SOUTH CAROLINA (From news reports) -- U.S. cities, towns and water districts have challenged proposed class action settlements worth more than $11 billion with 3M, DuPont de Nemours and others, arguing the deals are too generous to the chemical companies accused of contaminating U.S. water with toxic "forever chemicals."

The objections were filed late Friday and Saturday in federal court in Charleston, South Carolina, by 22 governments and agencies in New York, Texas, Colorado, California and elsewhere. They said the settlements will not fully cover cleanup and legal costs facing water providers after the companies allegedly polluted drinking water with per- and polyfluoroalkyl substances, or PFAS.

PFAS are used in a range of products from firefighting foam to non-stick cookware, and have been linked to cancer and hormonal dysfunction. The objections relate to a proposed deal between 3M and U.S. water providers for $10.3 billion and a separate $1.19 billion settlement agreed to by DuPont and spin-off companies Corteva and Chemours in June. Both settlements would end hundreds of lawsuits against the companies.

Many of the objectors said the settlement terms were too broad and could inappropriately release the companies from too much future potential liability over PFAS pollution -- including for remediation of soil or wastewater contamination, and from some personal injury claims.

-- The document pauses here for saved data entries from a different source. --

(* Let $(M_I,\triangleright)$ and $(N_J,\triangleright)$ be factor systems. Then their function space $[M_I\to N_J]$ is a factor system. Moreover: (1) If the relations $\triangleright$ on $N_J$ satisfy (Fun), resp. (Stab), then so do the relations $\triangleright$ on $[M_I\to N_J]$. (2) If $M_I$ is inverse and $N_J$ is direct, then $[M_I\to N_J]$ is direct. (3) If $M_I$ is direct and $N_J$ is inverse, then $[M_I\to N_J]$ is inverse.
   Context: Let $(I,\le)$ be a non-empty directed preordered set. A system $(M_I,\triangleright)$ consists of sets $M_i$ ($i\in I$, regarded as pairwise disjoint) and, for $i\le i'$, relations $\triangleright\subseteq M_{i'}\times M_i$ (written $a_{i'}\triangleright a_i$), reflexive when $i=i'$. Elements $a_i\in M_i$, $b_j\in M_j$ are consistent, $a_i\approx b_j$, iff there are $i'\ge i,j$ and $c\in M_{i'}$ with $c\triangleright a_i$ and $c\triangleright b_j$. A prefactor system is a system with $a_{i'}\approx a_i\iff a_{i'}\triangleright a_i$ for all $i\le i'$. Condition (Fun): for all $i$ and $a_i,b_i\in M_i$, $a_i\approx b_i\iff a_i\triangleright b_i\iff a_i=b_i$. Condition (Stab): for all $i\le i'$, $a_{i'}\in M_{i'}$, $a_i,b_i\in M_i$: $a_{i'}\triangleright a_i$ and $a_i\approx b_i$ imply $a_{i'}\triangleright b_i$. $\approx$-embeddings: $\approx$-preserving maps $emb_{i,i'}:M_i\to M_{i'}$ ($i\le i'$) with $emb_{i,i}(a)\approx a$, $emb_{i',i''}(emb_{i,i'}(a))\approx emb_{i,i''}(a)$; coherent if $a_{i'}\triangleright a_i\Rightarrow emb_{i',i''}(a_{i'})\triangleright a_i$ for $i\le i'\le i''$. $\approx$-projections: $\approx$-preserving maps $proj_{i',i}:M_{i'}\to M_i$ with $proj_{i,i}(a)\approx a$, $proj_{i',i}(proj_{i'',i'}(a))\approx proj_{i'',i}(a)$; coherent if $a_{i''}\triangleright a_i\Rightarrow proj_{i'',i'}(a_{i''})\triangleright a_i$ for $i\le i'\le i''$. They form an $\approx$-embedding-projection pair if $proj_{i',i}(emb_{i,i'}(a))\approx a$. A factor system is a prefactor system with a coherent $\approx$-embedding-projection pair. A prefactor system is direct iff it has coherent $\approx$-embeddings with $a_{i'}\triangleright a_i\iff a_{i'}\approx emb_{i,i'}(a_i)$; inverse iff it has coherent $\approx$-projections with $a_{i'}\triangleright a_i\iff proj_{i',i}(a_{i'})\approx a_i$. Function space: for factor systems $M_I,N_J$, $[M_I\to N_J]$ is indexed by $I\times J$ with the product order, an index written $i\to j$; its state $[M_i\to N_j]$ is the set of all total functions $f:M_i\to N_j$ with $a\approx b\Rightarrow f(a)\approx f(b)$. For $i\to j\le i'\to j'$, $f'\triangleright f$ iff for all $a_{i'}\in M_{i'}$, $a_i\in M_i$ with $a_{i'}\triangleright a_i$ we have $f'(a_{i'})\triangleright f(a_i)$. Embeddings $emb_{i\to j,i'\to j'}(f)=emb_{j,j'}\circ f\circ proj_{i',i}$ and projections $proj_{i'\to j',i\to j}(f')=proj_{j',j}\circ f'\circ emb_{i,i'}$. *)

Set Implicit Arguments.
Unset Strict Implicit.
Lemma sigma_preimage_open_measurable : M' `<=` measurable.
Proof.
move=> A /sigma_preimage_open_sub; apply: smallest_sub.
  exact: sigma_algebra_measurable.
by move=> _ [p _ <-]; exact: measurable_preimage_ball.
Qed.

Definition level_set f (c : R) : set X := [set t | c < `|rip hs f (phi t)|].

Lemma measurable_level_set f c : measurable (level_set f c).
Proof.
apply: measurable_lt_fun.
by apply: measurableT_comp; [exact: normr_measurable|exact: measurable_rip].
Qed.

Lemma level_set_lty f c : 0 < c -> (mu (level_set f c) < +oo)%E.
Proof.
move=> c0; have [mip [B bessel]] := phi_bessel; have [mRe mIm] := mip f.
pose g t := sqmod (ip hs f (phi t)).
have mg : measurable_fun setT g by apply: measurable_funD; exact: measurable_funX.
have g0 t : 0 <= g t by rewrite addr_ge0 ?sqr_ge0.
have gfin : (\int[mu]_t (g t)%:E < +oo)%E.
  exact: le_lt_trans (bessel f) (ltry _).
apply: le_lt_trans (measure_gt_lty mg g0 gfin (exprn_gt0 2 c0)).
apply: le_measure; rewrite ?inE; first exact: measurable_level_set.
  exact: measurable_lt_fun.
move=> t /= ct; rewrite /g /sqmod -(real_normK (num_real (complex.Re _))).
have := sqr_ge0 (complex.Im (ip hs f (phi t))).
by rewrite /level_set /rip /= in ct; nra.
Qed.

Definition supp_exhaust N : set X :=
  \bigcup_(n < N) level_set (e n) N.+1%:R^-1.

Lemma measurable_supp_exhaust N : measurable (supp_exhaust N).
Proof. by apply: bigcup_measurable => n _; exact: measurable_level_set. Qed.

Lemma supp_exhaust_lty N : (mu (supp_exhaust N) < +oo)%E.
Proof.
apply: measure_bigcup_ord_lty => n; first exact: measurable_level_set.
by apply: level_set_lty; rewrite invr_gt0.
Qed.
(* Let $L\geq 1$ be an integer, $P\geq 0$, and $p_B\in[0,1]$. Let $\beta_1,\ldots,\beta_L$ be i.i.d. with $\mathbb{P}(\beta_l=0)=p_B$, $\mathbb{P}(\beta_l=1)=1-p_B$, and $\theta_1,\ldots,\theta_L$ i.i.d. $\mathrm{Uniform}(0,2\pi)$ independent of the $\beta_l$. Set $\mathbf{h}=[\beta_1e^{j\theta_1},\ldots,\beta_Le^{j\theta_L}]^{\mathsf T}$ and $\alpha=\sum_{l=1}^L\beta_l$. Then $$\sup\Big\{\mathbb{E}\big[\log(1+\mathbf{h}^{\mathsf H}\mathbf{Q}\mathbf{h})\big]\;:\;\mathbf{Q}\in\mathbb{C}^{L\times L}\text{ Hermitian positive semidefinite},\ [\mathbf{Q}]_{l,l}\leq P\ \forall l\Big\}=\mathbb{E}[\log(1+\alpha P)],$$ i.e. the ergodic capacity without channel state information at the transmitters equals the one with knowledge of the blockage state $\boldsymbol{\beta}$ at the transmitters.
   Context: The supremum is over input covariance matrices that do not depend on the channel state (no transmitter channel state information). $\log$ is the logarithm in a fixed base; $\alpha\sim\mathrm{Binomial}(L,1-p_B)$ is the number of non-blocked transmitters. *)

From HB Require Import structures.
From mathcomp Require Import all_boot all_order all_algebra.
From mathcomp Require Import complex.
From mathcomp Require Import all_classical all_reals all_analysis.
Set Implicit Arguments. Unset Strict Implicit. Unset Printing Implicit Defensive.
Import Order.TTheory GRing.Theory Num.Theory.
Local Open Scope ring_scope.
Local Open Scope classical_set_scope.

Definition logb (R : realType) (b x : R) : R := ln x / ln b.

Definition unif_avg (R : realType) (f : R -> R) : R :=
  (2 * pi)^-1 * Rintegral (@lebesgue_measure R) `[0, 2 * pi]%classic f.

(* expectation of g(theta_0, ..., theta_{n-1}) for theta_i i.i.d.
   Uniform(0, 2 pi), as an iterated integral over each coordinate. *)
Fixpoint iid_unif_exp (R : realType) (n : nat) (g : (nat -> R) -> R) : R :=
  match n with
  | 0 => g (fun _ => 0)
  | m.+1 => unif_avg (fun x =>
       iid_unif_exp m (fun t => g (fun k => if k == m then x else t k)))
  end.

Definition beta_prob (R : realType) (L : nat) (pB : R)
  (beta : {ffun 'I_L -> bool}) : R :=
  \prod_(l < L) (if beta l then 1 - pB else pB).

Definition expj (R : realType) (t : R) : R[i] := (cos t +i* sin t)%C.

Definition chan (R : realType) (L : nat) (beta : {ffun 'I_L -> bool})
  (theta : nat -> R) : 'cV[R[i]]_L :=
  \col_(l < L) ((beta l)%:R * expj (theta l)).

Definition ctrmx (R : realType) (m n : nat) (A : 'M[R[i]]_(m, n)) :
  'M[R[i]]_(n, m) := (map_mx conjc A)^T.

Definition hermitian_psd (R : realType) (L : nat) (Q : 'M[R[i]]_L) : Prop :=
  ctrmx Q = Q /\ forall v : 'cV[R[i]]_L, 0 <= (ctrmx v *m Q *m v) 0 0.

Definition ergodic_rate (R : realType) (L : nat) (pB b : R)
  (Q : 'M[R[i]]_L) : R :=
  \sum_(beta : {ffun 'I_L -> bool}) beta_prob pB beta *
    iid_unif_exp L (fun theta =>
      logb b (1 + complex.Re ((ctrmx (chan beta theta) *m Q *m chan beta theta) 0 0))).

"The funds proposed are grossly inadequate," said the City of Dallas, Texas, asking the court to reject the settlements until fixes are made.

Similar arguments were made by others including Tacoma, Washington, Las Cruces, New Mexico, and the Metropolitan Water District of Southern California, which helps deliver water to 19 million people in the state.

Paul Napoli, an attorney with the law firm Napoli Shkolnik who negotiated the settlements on behalf of U.S. water providers, said in an email on Monday that he and other plaintiffs' attorneys take objections with "utmost seriousness." He said many of the concerns have already been resolved, or were raised by parties that are not members of the proposed class action settlements.

A DuPont spokesperson said the company is reviewing the objections and remains confident in the settlement.

A 3M spokesperson said its settlement would benefit water systems that provide drinking water to the "vast majority of Americans" without further litigation, and said the company would respond to the objections in court.

U.S. District Judge Richard Gergel, who is overseeing thousands of lawsuits against 3M, DuPont and others over PFAS contamination, granted preliminary approval for the two settlements in August.

A group of 22 U.S. states and territories led by California had earlier opposed the 3M deal over concerns it was too broad, but those objections were pulled back after several changes were made to the deal.

California and several other states and U.S. territories said then that they still think 3M should be paying more to settle the cases, but would no longer formally oppose it.

The DuPont settlement is scheduled for a final fairness hearing in December. The 3M settlement will receive a final look in February.

The case is In Re Aqueous Film-Forming Foams Products Liability Litigation, U.S. District Court for the District of South Carolina, case No. 2:18-mn-02873.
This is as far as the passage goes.